Махнув на прощание рукой, Нико расцеловал меня в обе щеки на континентальный манер. Я стояла несколько оглушенная среди своих покупок и терла пылающие щеки. Господи, взмолилась я беспомощно, не дай мне совершить еще одну ошибку! Я Тебя очень прошу!
(Сальвадор Дали, 1929)
Мы пошли в ирландский паб. Там на эстраде девушка исполняла песни в стиле Шинед О'Коннор. От этих мелодий у меня сильнее забилось сердце и по спине пробежал холодок.
– Тебе не холодно? – заботливо спросил Нико.
– Нет, наоборот, мне очень хорошо, спасибо.
Он улыбнулся.
– Что будешь пить?
– Апельсиновый сок.
– Ты уверена?
– Абсолютно.
В пабе было многолюдно. На стенах висели старые металлические щиты с эмблемами ирландского пива и плакаты, рекламирующие эстрадных певцов. На полках стояли глиняные кувшины и стеклянные бутылки, зеленые и коричневые, одну стену украшал вид на озеро Килларни. Настроение у всех было приподнятое, народ здесь собрался в основном молодой.
– Это место мне очень нравится, – сказал Нико, ставя передо мной стакан с соком.
– А я здесь раньше никогда не была.
– Нет? – Мой ответ его удивил. – Среди ирландцев этот паб очень популярен.

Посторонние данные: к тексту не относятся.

Lemma cover_preserving_le_iff (w : Mor1 I L) hw hnw (Hc : cover_preserving w hw hnw)
  c (S : Ipt C P J c) Z :
  ple L (ma w c S) Z <->
  (forall d f x, proj1_sig S d f x ->
     ple L (ma w d (eta P J d x)) (pmap L (fmap (mF w) f) Z)).
Proof.
  split.
  - intros H d f x Hx.
    eapply ple_trans; [apply hw, (proj1 (mem_iff_eta_le P J c S d f x) Hx)|].
    rewrite (hnw d c f S : ma w d (Imap C P J d c f S) = _). apply pmap_mono, H.
  - intros H. destruct (Hc _ _ (eta_generators_cover P J c S)) as [_ Hcov].
    apply (proj2 (Hcov Z)).
    intros [e W0] g [[d' T] [h [[k1 pk1] [[d [x [[h0 ph0] [[k0 pk0] ->]]]] ->]]]].
    cbn in *.
    eapply ple_trans; [exact pk1|].
    rewrite fmap_cmp, !pmap_cmp. apply pmap_mono.
    eapply ple_trans; [apply hw, pk0|].
    rewrite (hnw d' d k0 (eta P J d x) : ma w d' (Imap C P J d' d k0 _) = _).
    apply pmap_mono, H.
    exact (proj2 (mem_iff_eta_le P J c S d h0 x) ph0).
Qed.

Lemma restriction_injective (HG : IsGeom L) (w1 w2 : Mor1 I L)
  hw1 hn1 (Hc1 : cover_preserving w1 hw1 hn1) hw2 hn2 (Hc2 : cover_preserving w2 hw2 hn2) :
  comp1 w1 (eta_mor P J) = comp1 w2 (eta_mor P J) -> w1 = w2.
Proof.
  pose proof (cover_preserving_le_iff w1 hw1 hn1 Hc1) as Ch1.
  pose proof (cover_preserving_le_iff w2 hw2 hn2 Hc2) as Ch2.
  clear Hc1 Hc2 hw1 hw2 hn1 hn2.
  destruct w1 as [F1 a1], w2 as [F2 a2]. unfold comp1, eta_mor. cbn [mF ma] in *.
  rewrite !mor1_Fcomp_id. intros E.
  assert (EF : F1 = F2) by exact (f_equal mF E). subst F2.
  apply mor1_ma_inj in E.
  assert (Ea : forall d x, a1 d (eta P J d x) = a2 d (eta P J d x))
    by (intros d x; exact (f_equal (fun g => g d x) E)).
  f_equal. apply functional_extensionality_dep; intro c.
  apply functional_extensionality; intro S.
  apply (geom_antisym L HG).
  - apply Ch1. intros d f x Hx. rewrite Ea.
    exact (proj1 (Ch2 c S _) (ple_refl _ _ _ _) d f x Hx).
  - apply Ch2. intros d f x Hx. rewrite <- Ea.
    exact (proj1 (Ch1 c S _) (ple_refl _ _ _ _) d f x Hx).
Qed.

Lemma two_cells_restrict (v v' : Mor1 I L) hw hn (Hc : cover_preserving v hw hn)
  hw' hn' (Hc' : cover_preserving v' hw' hn')
  (al : forall c, hom D (fobj (mF v) c) (fobj (mF v') c)) :
  Is2Cell v v' al <-> Is2Cell (comp1 v (eta_mor P J)) (comp1 v' (eta_mor P J)) al.
Proof.
  split; intros [Hn Hl]; split; [exact Hn | intros c x; exact (Hl c (eta P J c x)) | exact Hn |].
  intros c S. apply (proj2 (cover_preserving_le_iff v hw hn Hc c S _)).
  intros d f x Hx.
  assert (Enat : pmap L (al d) (pmap L (fmap (mF v') f) (ma v' c S))
                 = pmap L (fmap (mF v) f) (pmap L (al c) (ma v' c S))).
  { rewrite <- !pmap_cmp. f_equal. symmetry. exact (Hn d c f). }
  eapply ple_trans; [exact (Hl d x)|]. rewrite <- Enat. apply pmap_mono.
  exact (proj1 (cover_preserving_le_iff v' hw' hn' Hc' c S _) (ple_refl _ _ _ _) d f x Hx).
Qed.
End Restriction.

Lemma universal_extension (X : DocSite) (G : GDoc) (JL : topology (groth (gL G)))
  (Hsub : forall a S, JL a S -> Kgeom (gL G) a S) (HG : IsGeom (gL G))
  (u : Mor1 (sP X) (gL G)) :
  IsDocMor X (toSite G JL) u ->
  exists! v : Mor1 (gL (Isite X)) (gL G),
    IsDocMor (KSite (Isite X)) (KSite G) v /\ comp1 v (etaMor X) = u.
Proof.
  intros [Hflat [hm [hn Hmos]]].
  set (P := sP X). set (J := sJ X). set (L := gL G).
  assert (Hext : IsDocMor (KSite (Isite X)) (KSite G) (ext_mor P J L u HG)).
  { split; [exact Hflat|].
    exists (ext_mor_mono P J L u HG), (ext_mor_nat P J L u hn Hflat HG).
    exact (ext_mos P J L JL u hm hn Hmos Hsub Hflat HG). }
  exists (ext_mor P J L u HG).
  split; [split; [exact Hext | exact (ext_restricts P J L JL u hm hn Hmos Hsub HG)]|].
  intros w [[_ [hw [hnw Hw]]] Ew]. destruct Hext as [_ [he [hne He]]].
  apply (restriction_injective P J L HG _ _ he hne (proj1 He) hw hnw (proj1 Hw)).
  transitivity u; [exact (ext_restricts P J L JL u hm hn Hmos Hsub HG) | symmetry; exact Ew].
Qed.

Theorem theorem6p2
  (AObj : DocSite -> Prop)
  (AMor : forall X Y : DocSite, Mor1 (sP X) (sP Y) -> Prop)
  (GA : GDoc -> Prop)
  (JA : forall G : GDoc, topology (groth (gL G)))
  (H : CoarseCompletion AObj AMor GA JA)
  (X : DocSite) (G : GDoc) (HX : AObj X) (HG : GA G) :
  GA (Isite X) /\
  (forall v : Mor1 (gL (Isite X)) (gL G),
      IsDocMor (KSite (Isite X)) (KSite G) v ->
      AMor X (toSite G (JA G)) (comp1 v (etaMor X))) /\
  (forall u : Mor1 (sP X) (gL G),
      AMor X (toSite G (JA G)) u ->
      exists! v : Mor1 (gL (Isite X)) (gL G),
        IsDocMor (KSite (Isite X)) (KSite G) v /\ comp1 v (etaMor X) = u) /\
  (forall v v' : Mor1 (gL (Isite X)) (gL G),
      IsDocMor (KSite (Isite X)) (KSite G) v ->
      IsDocMor (KSite (Isite X)) (KSite G) v' ->
      forall al : forall c, hom (gC G) (fobj (mF v) c) (fobj (mF v') c),
        Is2Cell v v' al <-> Is2Cell (comp1 v (etaMor X)) (comp1 v' (etaMor X)) al).
Proof.
  destruct H as [_ Hmor _ Hcomp Hgeom Hsubs HJobj HJmor HI Heta].
  split; [exact (HI X HX)|]. split; [|split].
  - (* precomposition: eta is an A-morphism and A-morphisms compose *)
    intros v Hv.
    exact (Hcomp _ _ _ _ _ HX (HJobj _ (HI X HX)) (HJobj G HG) (Heta X HX)
             (HJmor _ _ v (HI X HX) HG Hv)).
  - (* bijection on 1-cells: A-morphisms are morphisms of sites, J^A_L <= K_L *)
    intros u Hu.
    exact (universal_extension X G (JA G) (Hsubs G HG) (Hgeom G HG) u
             (Hmor X (toSite G (JA G)) u HX (HJobj G HG) Hu)).
  - (* bijection on 2-cells: morphisms of geometric doctrines preserve covers *)
    intros v v' [_ [hw [hn Hv]]] [_ [hw' [hn' Hv']]] al.
    exact (two_cells_restrict (sP X) (sJ X) (gL G) v v' hw hn (proj1 Hv) hw' hn' (proj1 Hv') al).
Qed.
Lemma upd_upd m j (x y : M j) : upd (upd m x) y = upd m y.
Proof.
apply/ffunP => l; have [<-|jl] := eqVneq j l; first by rewrite !upd_in.
by rewrite !upd_out.
Qed.

End profile_update.

Lemma mixed_profile_ge0 {R : realType} {n : nat} {M : 'I_n -> countType}
    {lam : forall j : 'I_n, M j -> R} :
  is_mixed_profile lam -> forall j t, 0 <= lam j t.
Proof. by move=> lamP j; case: (lamP j). Qed.

Section product_mass.
Context {R : realType} {n : nat} {M : 'I_n -> countType}.
Context {lam : forall j : 'I_n, M j -> R}.
Hypothesis lamP : is_mixed_profile lam.
Variable m0 : profile M.
Local Open Scope ereal_scope.

Let lam_ge0 := mixed_profile_ge0 lamP.

Definition agree_off (Q : pred 'I_n) : set (profile M) :=
  [set m | forall l, ~~ Q l -> m l = m0 l].

Lemma upd_bij_agree_off [j] [s : seq 'I_n] : j \notin s ->
  set_bij ([set: M j] `*`` (fun=> agree_off (fun l => l \in s)))
          (agree_off (fun l => l \in j :: s)) (fun p => upd p.2 p.1).
Proof.
move=> js; split.
- move=> [x m] [_ /= m_m0] l; rewrite inE negb_or => /andP[lj ls].
  by rewrite upd_out ?m_m0// eq_sym.
- move=> [x1 m1] [x2 m2]; rewrite !inE => -[_ /= m1_m0] [_ /= m2_m0] /= e.
  have ex : x1 = x2 by rewrite -(upd_in m1 x1) e upd_in.
  subst x2; congr pair; apply/ffunP => l.
  have [<-|jl] := eqVneq j l; first by rewrite m1_m0 ?m2_m0.
  by rewrite -(upd_out m1 x1 jl) e upd_out.
- move=> m m_m0; exists (m j, upd m (m0 j)); last by rewrite /= upd_upd upd_id.
  split=> // l ls; have [<-|jl] := eqVneq j l; first by rewrite upd_in.
  by rewrite upd_out// m_m0// inE negb_or ls eq_sym jl.
Qed.

Lemma esum_prod_seq (s : seq 'I_n) : uniq s ->
  \esum_(m in agree_off (fun l => l \in s))
     (\prod_(l | l \in s) lam l (m l))%:E = 1.
Proof.
elim: s => [_|j s IH /= /andP[js us]].
  rewrite (@esum_single _ _ _ m0) ?big_pred0// => m m_m0 [].
  by apply/ffunP => l; exact: m_m0.
rewrite (reindex_esum _ _ _ _ (upd_bij_agree_off js)).
rewrite -(@esum_esum _ _ _ [set: M j] (fun=> agree_off (fun l => l \in s))
   (fun x m => (\prod_(l | l \in j :: s) lam l (upd m x l))%:E)); last first.
  by move=> x m _ _; rewrite lee_fin; apply: prodr_ge0.
case: (lamP j) => _ <-; apply: eq_esum => x _.
transitivity (\esum_(m in agree_off (fun l => l \in s))
   ((lam j x)%:E * (\prod_(l | l \in s) lam l (m l))%:E)).
  apply: eq_esum => m _; rewrite -EFinM (bigD1 j) ?mem_head//= upd_in.
  congr (_ * _)%:E; apply: eq_big => l.
    by rewrite inE; case: eqVneq => [->|] /=; rewrite ?(negPf js) ?andbT.
  by move=> /andP[_ lj]; rewrite upd_out// eq_sym.
by rewrite ge0_esumZl ?IH ?mule1// => m _; rewrite lee_fin; apply: prodr_ge0.
Qed.

Lemma esum_prod_pred (Q : pred 'I_n) :
  \esum_(m in agree_off Q) (\prod_(l | Q l) lam l (m l))%:E = 1.
Proof.
have memQ l : (l \in [seq l <- enum 'I_n | Q l]) = Q l.
  by rewrite mem_filter mem_enum andbT.
have uQ : uniq [seq l <- enum 'I_n | Q l] by rewrite filter_uniq ?enum_uniq.
rewrite -(esum_prod_seq _ uQ) (_ : agree_off _ = agree_off Q); last first.
  by apply/seteqP; split=> m m_m0 l /= Ql; apply: m_m0; rewrite ?memQ in Ql *.
by apply: eq_esum => m _; congr EFin; apply: eq_bigl => l; rewrite memQ.
Qed.
(* Let $1\le k\le 6$, let $\theta\in(\pi/2,\pi)$ be sufficiently close to $\pi/2$ and $\kappa>0$. For each integer $l\in\{0,1,\dots,2k\}$ there is a constant $c>0$, independent of $\tau>0$ and of $z$, such that for all $\tau>0$ and all $z\in\Gamma^\tau_{\theta,\kappa}$: $$\left|\frac{\gamma_l(e^{-z\tau})}{l!}\tau^{l+1}-\frac{1}{z^{l+1}}\right|\le\begin{cases} c\,\tau^{l+1}, & l=0 \text{ or } l\in\{1,3,\dots,2k-1\},\\ c\,\tau^{l+2}|z|, & l\in\{2,4,\dots,2k\}.\end{cases}$$
   Context: For real $p\ge 0$ let $\gamma_p(\xi)=\sum_{n=1}^\infty n^p\xi^n$ for $|\xi|<1$ (extended analytically, e.g. $\gamma_l(\xi)$ is a rational function of $\xi$ with only pole at $\xi=1$ for integer $l$). For $\theta\in(\pi/2,\pi)$ and $\kappa>0$, $\Gamma_{\theta,\kappa}=\{z\in\mathbb C:|z|=\kappa,|\arg z|\le\theta\}\cup\{z=re^{\pm i\theta}:r\ge\kappa\}$, and for $\tau>0$, $\Gamma^\tau_{\theta,\kappa}=\{z\in\Gamma_{\theta,\kappa}:|\operatorname{Im}z|\le\pi/\tau\}$. *)

From Stdlib Require Import Reals List Factorial.
From Coquelicot Require Import Coquelicot.
Open Scope R_scope.

Definition Cexp (z : C) : C :=
  (exp (fst z) * cos (snd z), exp (fst z) * sin (snd z)).

(* Real polynomials as coefficient lists, lowest degree first. *)
Fixpoint peval (p : list R) (x : C) : C :=
  match p with
  | nil => RtoC 0
  | a :: t => Cplus (RtoC a) (Cmult x (peval t x))
  end.

Fixpoint padd (p q : list R) : list R :=
  match p, q with
  | nil, _ => q
  | _, nil => p
  | a :: p', b :: q' => (a + b) :: padd p' q'
  end.

Definition pscale (c : R) (p : list R) : list R := map (fun a => c * a) p.

Definition pmulX (p : list R) : list R := 0 :: p.

Fixpoint pderiv_aux (k : nat) (p : list R) : list R :=
  match p with
  | nil => nil
  | a :: t => (INR k * a) :: pderiv_aux (S k) t
  end.

Definition pderiv (p : list R) : list R :=
  match p with
  | nil => nil
  | _ :: t => pderiv_aux 1 t
  end.

(* Numerator polynomials: gamma_l(xi) = P_l(xi) / (1 - xi)^(l+1), where
   P_0 = X and P_{l+1} = X * ( P_l' * (1 - X) + (l+1) * P_l ),
   which is the identity gamma_{l+1} = xi * d/dxi gamma_l, gamma_0 = xi/(1-xi). *)
Fixpoint gammaNum (l : nat) : list R :=
  match l with
  | O => 0 :: 1 :: nil
  | S l' =>
      pmulX (padd (padd (pderiv (gammaNum l')) (pscale (-1) (pmulX (pderiv (gammaNum l')))))
                  (pscale (INR (S l')) (gammaNum l')))
  end.
Definition uniform (A B : Type) (R : frel A B) : Prop :=
  (forall a, exists b, R a b = one) /\
  (forall b, exists a, R a b = one) /\
  (forall a b1 b2, le (otimes (R a b1) (R a b2)) (cokernel R b1 b2)).

Definition WL23_sol (A B I : Type) (V : I -> frel A A) (W : I -> frel B B)
  (Z : frel A B) (U : frel A B) : Prop :=
  (forall i, rle (rcomp (rinv U) (V i)) (rcomp (W i) (rinv U))) /\
  (forall i, rle (rcomp U (W i)) (rcomp (V i) U)) /\
  rle U Z.

Definition WL14_sol (X I : Type) (V : I -> frel X X) (W : frel X X)
  (U : frel X X) : Prop :=
  (forall i, rle (rcomp U (V i)) (rcomp (V i) U)) /\
  (forall i, rle (rcomp (rinv U) (V i)) (rcomp (V i) (rinv U))) /\
  rle U W /\ rle (rinv U) W.

Definition greatest (X Y : Type) (P : frel X Y -> Prop) (R : frel X Y) : Prop :=
  P R /\ forall S, P S -> rle S R.

End FuzzyRel.

(* The greatest solution R is stable under every operation that preserves solutions of
   the weakly linked system: composing solutions with each other, with their inverses,
   and with solutions of WL^{1-4}.  Since Z is uniform, Z o Z^-1 o Z <= Z, so R o R^-1 o R,
   S o R and S^-1 o R (for S solving WL^{1-4}) are again solutions, hence below R.
   The first fact makes R difunctional, hence uniform; for a uniform R the kernel is
   R o R^-1, and the second fact says exactly that every solution S lies below the kernel.
   The co-kernel statement is the kernel statement for R^-1. *)
From Stdlib Require Import FunctionalExtensionality.

Set Implicit Arguments.
Unset Strict Implicit.

Section ResiduatedLattice.
Variable L : CRL.
Implicit Types x y z : L.

Lemma one_otimes x : otimes one x = x.
Proof. rewrite otimes_comm; apply otimes_one. Qed.

Lemma otimes_monol x x' y : le x x' -> le (otimes x y) (otimes x' y).
Proof.
  intro Hx; apply <- adjoint; apply le_trans with x'; [exact Hx|].
  apply -> adjoint; apply le_refl.
Qed.

Lemma otimes_mono x x' y y' : le x x' -> le y y' -> le (otimes x y) (otimes x' y').
Proof.
  intros Hx Hy; apply le_trans with (otimes x' y); [now apply otimes_monol|].
  rewrite !(otimes_comm x'); now apply otimes_monol.
Qed.
(* Call-by-name coupled logical bisimilarity coincides with the contextual equivalences: $(\approx^n_1,\approx^n_2)=(\simeq^n,\cong^n)$. Consequently, both components coincide with each other: $\approx^n_1=\simeq^n=\cong^n=\approx^n_2$.
   Context: $\Lambda^\bullet$ is the set of closed $\lambda$-terms. Contexts are generated by $C::=x\mid[\cdot]\mid C\,C\mid\lambda x.C$, possibly with several holes numbered left to right; $C[\widetilde M]$ fills the $i$-th hole with $M_i$; $C[M]$ fills every hole with $M$. For $\mathcal{R}\subseteq\Lambda^\bullet\times\Lambda^\bullet$, $\mathcal{R}^\star=\{(C[\widetilde M],C[\widetilde N]) : C\text{ a context},\ M_i\,\mathcal{R}\,N_i\ \forall i,\ C[\widetilde M],C[\widetilde N]\in\Lambda^\bullet\}$. Call-by-name reduction on closed terms: $MN\longrightarrow M'N$ if $M\longrightarrow M'$, and $(\lambda x.P)N\longrightarrow P[N/x]$; $\Longrightarrow$ is its reflexive transitive closure; values are closed abstractions; $M{\Downarrow}$ means $M\Longrightarrow V$ for some value $V$. Contextual equivalence: $M\simeq^n N$ iff for all contexts $C$ with $C[M],C[N]$ closed, $C[M]{\Downarrow}\iff C[N]{\Downarrow}$. Evaluation contexts $\mathcal{E}::=[\cdot]\mid\mathcal{E}\,M$ ($M\in\Lambda^\bullet$); $M\cong^n N$ iff for all evaluation contexts $\mathcal{E}$, $\mathcal{E}[M]{\Downarrow}\iff\mathcal{E}[N]{\Downarrow}$. A coupled relation is a pair $(\mathcal{R}_1,\mathcal{R}_2)$ of relations on $\Lambda^\bullet$ with $\mathcal{R}_1\subseteq\mathcal{R}_2$. It is a (call-by-name) coupled logical bisimulation if whenever $M\,\mathcal{R}_2\,N$: (1) if $M\longrightarrow M'$ then there is $N'$ with $N\Longrightarrow N'$ and $M'\,\mathcal{R}_2\,N'$; (2) if $M=\lambda x.M'$ then $N\Longrightarrow\lambda x.N'$ for some $N'$ and for all $P,Q\in\Lambda^\bullet$ with $P\,\mathcal{R}_1^\star\,Q$, $M'[P/x]\,\mathcal{R}_2\,N'[Q/x]$; (3) the converses of (1),(2) with $M$ and $N$ exchanged. Coupled logical bisimilarity $(\approx^n_1,\approx^n_2)$ is the componentwise union of all such bisimulations. *)

(* Pure lambda calculus in de Bruijn notation (alpha-equivalence
   is syntactic equality). *)
From Stdlib Require Import Arith List.
Import ListNotations.

Inductive term : Type :=
| Var : nat -> term
| App : term -> term -> term
| Lam : term -> term.

Fixpoint closed_at (k : nat) (t : term) : Prop :=
  match t with
  | Var n => n < k
  | App t1 t2 => closed_at k t1 /\ closed_at k t2
  | Lam t1 => closed_at (S k) t1
  end.

Definition closed (t : term) : Prop := closed_at 0 t.

(* subst k N t : replaces index k of t by the CLOSED term N (no lifting needed),
   decrementing the indices above k.  t[N/x] for the bound variable of a lambda
   is  subst 0 N body. *)
Fixpoint subst (k : nat) (N : term) (t : term) : term :=
  match t with
  | Var n => if Nat.eqb n k then N else if Nat.ltb k n then Var (pred n) else Var n
  | App t1 t2 => App (subst k N t1) (subst k N t2)
  | Lam t1 => Lam (subst (S k) N t1)
  end.

Inductive step : term -> term -> Prop :=
| step_app : forall M M' N, closed (App M N) -> step M M' -> step (App M N) (App M' N)
| step_beta : forall P N, closed (App (Lam P) N) -> step (App (Lam P) N) (subst 0 N P).

Inductive steps : term -> term -> Prop :=
| steps_refl : forall M, steps M M
| steps_step : forall M M' M'', step M M' -> steps M' M'' -> steps M M''.

Definition is_value (V : term) : Prop := closed V /\ exists P, V = Lam P.

Definition converges (M : term) : Prop := exists V, steps M V /\ is_value V.

(* Contexts with possibly several holes, numbered left to right. *)
Inductive ctx : Type :=
| CVar : nat -> ctx
| CHole : ctx
| CApp : ctx -> ctx -> ctx
| CLam : ctx -> ctx.

Fixpoint nholes (C : ctx) : nat :=
  match C with
  | CVar _ => 0
  | CHole => 1
  | CApp C1 C2 => nholes C1 + nholes C2
  | CLam C1 => nholes C1
  end.

Fixpoint fill (C : ctx) (f : nat -> term) : term :=
  match C with
  | CVar n => Var n
  | CHole => f 0
  | CApp C1 C2 => App (fill C1 f) (fill C2 (fun i => f (nholes C1 + i)))
  | CLam C1 => Lam (fill C1 f)
  end.

Definition rel := term -> term -> Prop.

Definition ctx_closure (R : rel) : rel :=
  fun A B => exists (C : ctx) (Ms Ns : nat -> term),
    (forall i, i < nholes C -> R (Ms i) (Ns i)) /\
    closed (fill C Ms) /\ closed (fill C Ns) /\
    A = fill C Ms /\ B = fill C Ns.

Definition ctx_equiv : rel :=
  fun M N => closed M /\ closed N /\
    forall C : ctx, closed (fill C (fun _ => M)) -> closed (fill C (fun _ => N)) ->
      (converges (fill C (fun _ => M)) <-> converges (fill C (fun _ => N))).

(* evaluation contexts  [.] M1 ... Mk  with closed Mi *)
Definition apps (M : term) (l : list term) : term := fold_left App l M.

Definition eval_equiv : rel :=
  fun M N => closed M /\ closed N /\
    forall l : list term, Forall closed l ->
      (converges (apps M l) <-> converges (apps N l)).

Definition rel_on_closed (R : rel) : Prop := forall M N, R M N -> closed M /\ closed N.

Definition bisim_clauses (R1 R2 : rel) (M N : term) : Prop :=
  (forall M', step M M' -> exists N', steps N N' /\ R2 M' N') /\
  (forall M', M = Lam M' -> exists N', steps N (Lam N') /\
      forall P Q, closed P -> closed Q -> ctx_closure R1 P Q ->
        R2 (subst 0 P M') (subst 0 Q N')).

Definition coupled_logical_bisim (R1 R2 : rel) : Prop :=
  rel_on_closed R1 /\ rel_on_closed R2 /\
  (forall M N, R1 M N -> R2 M N) /\
  (forall M N, R2 M N -> bisim_clauses R1 R2 M N /\ bisim_clauses (fun a b => R1 b a) (fun a b => R2 b a) N M).

Definition bisim1 : rel := fun M N => exists R1 R2, coupled_logical_bisim R1 R2 /\ R1 M N.
Definition bisim2 : rel := fun M N => exists R1 R2, coupled_logical_bisim R1 R2 /\ R2 M N.

From Stdlib Require Import Arith List Lia.
Import ListNotations.

(* Close R2 under
   application to argument lists related by the compatible closure R1^*, and add
   the pairs (\x.H) A, (\x.H') B with H R1^* H' and A R1^* B.  Along the
   resulting relation every reduction step of the left term is matched by the
   right term, up to a pair of the same shape (substituting R1^*-related
   arguments keeps bodies R1^*-related), so convergence transfers from left to
   right in every evaluation context; hence R2 is contained in evaluation-context
   equivalence.
   Completeness: the same simulation argument, now with heads related by the
   evaluation-context preorder itself, proves Milner's context lemma (that
   preorder is preserved by the compatible closure).  This makes the
   evaluation-context equivalence a coupled logical bisimulation, and also equal
   to contextual equivalence. *)

Lemma closed_at_mono t : forall k m, closed_at k t -> k <= m -> closed_at m t.
Proof.
  induction t; simpl; intros k m H Hle.
  - lia.
  - destruct H; split; [eapply IHt1|eapply IHt2]; eauto.
  - eapply IHt; eauto; lia.
Qed.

Впрочем, среди испанцев тоже, – добавил он со смехом.
– Из здешних ирландцев я почти ни с кем не знакома, – созналась я. – И хожу я в основном с сослуживцами либо в спортивный бар, либо в уличные кафе.
– Понятно. – Он отпил из своей банки с пивом. – Ирландское пиво очень хорошее, – сообщил он через некоторое время. – Во мне, наверное, течет ирландская кровь, Изабелла.
– Меня зовут Изабель, – напомнила я ему.
Мы погрузились в молчание, и я никак не могла придумать, чем эту брешь заполнить. Он заехал за мной полчаса назад, и мы на метро добрались до паба. По дороге мы едва перемолвились словом. Он сказал, что я выгляжу замечательно (что было явным преувеличением, потому что я выглядела вполне скромно), а я ответила, что рада его видеть. Вот, пожалуй, и все, что мы сказали друг другу по дороге. Это молчание, казалось, его ничуть не тяготило. Он не делал попыток завязать со мной какой-нибудь длительный, основательный разговор ни тогда, по дороге, ни сейчас. Я даже начала беспокоиться, а не жалеет ли он о том, что меня пригласил.
Девушка кончила свое выступление, и все ей зааплодировали.
– Как хорошо она поет, – сказал Нико. – Прекрасный голос.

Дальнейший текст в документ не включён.